We produced the Multimodal Embedding Model (MEM) architecture, starting from the one proposed by Husain et al. for the CodeSearchNet challenge.

We publicly release the source code:
src-finetuning.tar.xzThe following table shows the fine-tuning hyperparameters compared to the ones used by Husain et al.

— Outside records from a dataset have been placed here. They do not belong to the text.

(* Let $(L,\vee,\wedge,\to,\gets,f,g,0,1)$ be an HBGC-algebra. Then there exists a GC-frame $\mathcal{F}=(X,\leq,R)$ such that $(L,\vee,\wedge,\to,\gets,f,g,0,1)$ is isomorphic to a subalgebra of the complex algebra $\mathbb{HB}_{\rm GC}(\mathcal{F})=(\mathcal{T}_\leq,\cup,\cap,\to,\gets,{}^\blacktriangle,{}^\blacktriangledown,\emptyset,X)$.
   Context: A Heyting–Brouwer algebra $(L,\vee,\wedge,\to,\gets,0,1)$ is a bounded lattice in which for all $a,b$ the relative pseudocomplement $a\to b$ (greatest $x$ with $a\wedge x\leq b$) and the co-implication $a\gets b$ (least $x$ with $b\leq a\vee x$) exist. An HBGC-algebra is a Heyting–Brouwer algebra with maps $f,g\colon L\to L$ forming an order-preserving Galois connection ($f(a)\leq b\iff a\leq g(b)$). A GC-frame $(X,\leq,R)$ is a set $X$ with a quasiorder $\leq$ and a relation $R\subseteq X\times X$ such that $x\leq x'$, $x\,R\,y$, $y'\leq y$ imply $x'\,R\,y'$. $\mathcal{T}_\leq$ is the set of upward $\leq$-closed subsets of $X$. For $A\subseteq X$: $A^\blacktriangle=\{x\mid x\,R\,y\text{ for some }y\in A\}$, $A^\blacktriangledown=\{x\mid y\,R\,x\text{ implies }y\in A\}$. On $\mathcal{T}_\leq$: $A\to B=\{a\in X\mid \forall b\geq a\,(b\in A\Rightarrow b\in B)\}$, $A\gets B=\{a\in X\mid \exists b\leq a\,(b\notin A\text{ and }b\in B)\}$. Isomorphisms preserve $\vee,\wedge,\to,\gets,f,g,0,1$ with $f\leftrightarrow{}^\blacktriangle$, $g\leftrightarrow{}^\blacktriangledown$. *)

From mathcomp Require Import all_boot all_order.
Set Implicit Arguments. Unset Strict Implicit. Unset Printing Implicit Defensive.
Import Order.Theory.
Local Open Scope order_scope.

Definition is_rel_pseudocompl d (L : latticeType d) (imp : L -> L -> L) :=
  forall a b x : L, (a `&` x <= b) = (x <= imp a b).

Definition is_coimplication d (L : latticeType d) (coimp : L -> L -> L) :=
  forall a b x : L, (b <= a `|` x) = (coimp a b <= x).

Definition order_preserving d (L : latticeType d) (f : L -> L) :=
  forall a b : L, a <= b -> f a <= f b.

Definition galois_connection d (L : latticeType d) (f g : L -> L) :=
  forall a b : L, (f a <= b) = (a <= g b).

Definition quasiorder (X : Type) (le : X -> X -> Prop) :=
  (forall x, le x x) /\ (forall x y z, le x y -> le y z -> le x z).

Definition GC_frame_cond (X : Type) (le R : X -> X -> Prop) :=
  forall x x' y y', le x x' -> R x y -> le y' y -> R x' y'.

Definition upset (X : Type) (le : X -> X -> Prop) (A : X -> Prop) :=
  forall x y, le x y -> A x -> A y.

Definition set_eq (X : Type) (A B : X -> Prop) := forall x, A x <-> B x.

Definition fimp (X : Type) (le : X -> X -> Prop) (A B : X -> Prop) : X -> Prop :=
  fun a => forall b, le a b -> A b -> B b.

Definition fcoimp (X : Type) (le : X -> X -> Prop) (A B : X -> Prop) : X -> Prop :=
  fun a => exists b, le b a /\ ~ A b /\ B b.

Definition blackup (X : Type) (R : X -> X -> Prop) (A : X -> Prop) : X -> Prop :=
  fun x => exists y, R x y /\ A y.

Definition blackdown (X : Type) (R : X -> X -> Prop) (A : X -> Prop) : X -> Prop :=
  fun x => forall y, R y x -> A y.

(* Stone–Priestley style representation.  L is distributive because [imp] is a
   relative pseudocomplement, so by the prime filter theorem every a </= b is
   witnessed by a prime filter containing a but not b.  The frame is the set of
   prime filters, ordered by inclusion, with F R G iff G is contained in the
   preimage of F under f; an element a is sent to the set of prime filters
   containing it.  Each operation is preserved because the missing prime filter
   can always be produced by separating a suitable filter from a suitable
   ideal: for [imp] and g the filter is the image of F under a ⊓ _ resp. f, for
   [coimp] and f the ideal is the image of the complement of F under a ⊔ _
   resp. g. *)
From mathcomp Require Import all_boot all_order.
From mathcomp Require classical_sets.
From Stdlib Require Import Classical.
Set Implicit Arguments. Unset Strict Implicit. Unset Printing Implicit Defensive.
Import Order.Theory.
Local Open Scope order_scope.

Section Filters.
Variables (d : Order.disp_t) (L : tbLatticeType d).
Implicit Types (F J M : L -> Prop) (phi : L -> L).

Definition is_filter F := [/\ F \top,
  forall x y, x <= y -> F x -> F y & forall x y, F x -> F y -> F (x `&` y)].

Definition is_ideal J := [/\ J \bot,
  forall x y, x <= y -> J y -> J x & forall x y, J x -> J y -> J (x `|` y)].

Definition is_prime_filter F :=
  [/\ is_filter F, ~ F \bot & forall x y, F (x `|` y) -> F x \/ F y].

Definition maximal_filter_avoiding J M := forall B, is_filter B ->
  (forall x, B x -> ~ J x) -> (forall x, M x -> B x) -> forall x, B x -> M x.

Definition meet_distributive :=
  forall m x y : L, m `&` (x `|` y) <= (m `&` x) `|` (m `&` y).

Lemma principal_filter (a : L) : is_filter (fun x => a <= x).
Proof.
split=> [|x y xy ax|x y ax ay]; first exact: lex1; first exact: le_trans xy.
by rewrite lexI ax ay.
Qed.

Lemma principal_ideal (b : L) : is_ideal (fun x => x <= b).
Proof.
split=> [|x y xy yb|x y xb yb]; first exact: le0x; first exact: le_trans yb.
by rewrite leUx xb yb.
Qed.

Lemma filter_up_image phi F : order_preserving phi -> is_filter F ->
  is_filter (fun u => exists2 c, F c & phi c <= u).
Proof.
move=> phi_mono [Ftop _ Fmeet]; split.
- by exists \top; rewrite ?lex1.
- by move=> x y xy [c Fc cx]; exists c; last exact: le_trans xy.
- move=> x y [c Fc cx] [c' Fc' cy]; exists (c `&` c'); first exact: Fmeet.
  rewrite lexI (le_trans (phi_mono _ _ (leIl _ _)) cx).
  by rewrite (le_trans (phi_mono _ _ (leIr _ _)) cy).
Qed.

Lemma ideal_down_image phi J : order_preserving phi -> is_ideal J ->
  is_ideal (fun u => exists2 i, J i & u <= phi i).
Proof.
move=> phi_mono [Jbot _ Jjoin]; split.
- by exists \bot; rewrite ?le0x.
- by move=> x y xy [i Ji yi]; exists i; last exact: le_trans yi.
- move=> x y [i Ji xi] [i' Ji' yi]; exists (i `|` i'); first exact: Jjoin.
  rewrite leUx (le_trans xi (phi_mono _ _ (leUl _ _))).
  by rewrite (le_trans yi (phi_mono _ _ (leUr _ _))).
Qed.

Lemma prime_filter_compl_ideal F : is_prime_filter F -> is_ideal (fun x => ~ F x).
Proof.
move=> [[_ Fup _] Fbot Fjoin]; split=> // [x y xy nFy Fx|x y nFx nFy /Fjoin[]//].
exact/nFy/(Fup x).
Qed.

Lemma filter_chain_union F0 (C : (L -> Prop) -> Prop) :
  is_filter F0 -> (forall X, C X -> is_filter (fun x => X x \/ F0 x)) ->
  classical_sets.total_on C classical_sets.subset ->
  is_filter (fun x => (exists2 X, C X & X x) \/ F0 x).
Proof.
move=> [F0top F0up F0meet] CF Ctot; split; first by right.
- move=> x y xy [[X CX Xx]|F0x]; last by right; exact: F0up xy F0x.
  have [_ Xup _] := CF X CX.
  by case: (Xup x y xy (or_introl Xx)); [left; exists X|right].
- have meet_in Z x y : C Z -> Z x \/ F0 x -> Z y \/ F0 y ->
      (exists2 X, C X & X (x `&` y)) \/ F0 (x `&` y).
    move=> CZ Hx Hy; have [_ _ Zmeet] := CF Z CZ.
    by case: (Zmeet x y Hx Hy); [left; exists Z|right].
  move=> x y [[X CX Xx]|F0x] [[Y CY Yy]|F0y].
  + case: (Ctot X Y CX CY) => [XY|YX].
    * by apply: (meet_in Y) => //; left => //; exact: XY.
    * by apply: (meet_in X) => //; left => //; exact: YX.
  + by apply: (meet_in X) => //; [left|right].
  + by apply: (meet_in Y) => //; [right|left].
  + by right; exact: F0meet.
Qed.

Lemma exists_maximal_filter F0 J : is_filter F0 -> (forall x, F0 x -> ~ J x) ->
  exists M, [/\ is_filter M, forall x, F0 x -> M x, forall x, M x -> ~ J x &
    maximal_filter_avoiding J M].
Proof.
move=> F0filter F0J.
(* Filters above F0 are encoded as [A ∪ F0], so that the empty chain is admissible. *)
pose P A := is_filter (fun x => A x \/ F0 x) /\ forall x, A x \/ F0 x -> ~ J x.
have [|A [[Afilter AJ] Amax]] := @classical_sets.Zorn_bigcup L P.
  move=> C CP Ctot; split; first exact: filter_chain_union (fun X CX => (CP X CX).1) Ctot.
  by move=> x [[X CX Xx]|F0x]; [exact: (CP X CX).2 x (or_introl Xx)|exact: F0J].
exists (fun x => A x \/ F0 x); split=> //; first by right.
move=> B Bfilter BJ AB x Bx; apply: NNPP => nABx.
have PB : P B.
  have BF0 y : B y \/ F0 y -> B y by case=> // /or_intror/AB.
  have [Btop Bup Bmeet] := Bfilter.
  split=> [|y /BF0]; last exact: BJ.
  by split=> [|u v uv /BF0 Bu|u v /BF0 Bu /BF0 Bv]; left; [|exact: Bup Bu|exact: Bmeet].
by apply: (Amax B _ PB); split=> [y Ay|BA]; [apply: AB; left|apply/nABx; left; exact: BA].
Qed.

Section Distributive.
Hypothesis distr : meet_distributive.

| Parameter | Husain et al. | Our approach |
|---|---|---|
| Learning rate | 0.0005 | 0.0005 |
| Learning rate decay | 0.98 | 0.98 |
| Momentum | 0.85 | 0.85 |
| Dropout probability | 0.1 | 0.1 |
| Maximum sequence length (query) | 30 | 30 |
| Maximum sequence length (code) | 200 | 256 |
| Optimizer | Adam | LAMB |
| Maximum training epochs | 500 | 10 |
| Patience | 5 | 10 |
| Batch size | 450 | 32 |
Then, we report the $\text{BERT}$-specific hyperparameters that we used for both the code encoder and the query encoder.
| Parameter | Husain et al. | Our approach |
|---|---|---|
| Activation function | gelu | gelu |
| Attention heads | 8 | 8 |
| Hidden layers | 3 | 3 |
| Hidden size | 128 | 768 |
| Intermediate size | 512 | 3,072 |
| Vocabulary size | 10,000 | 30,522 |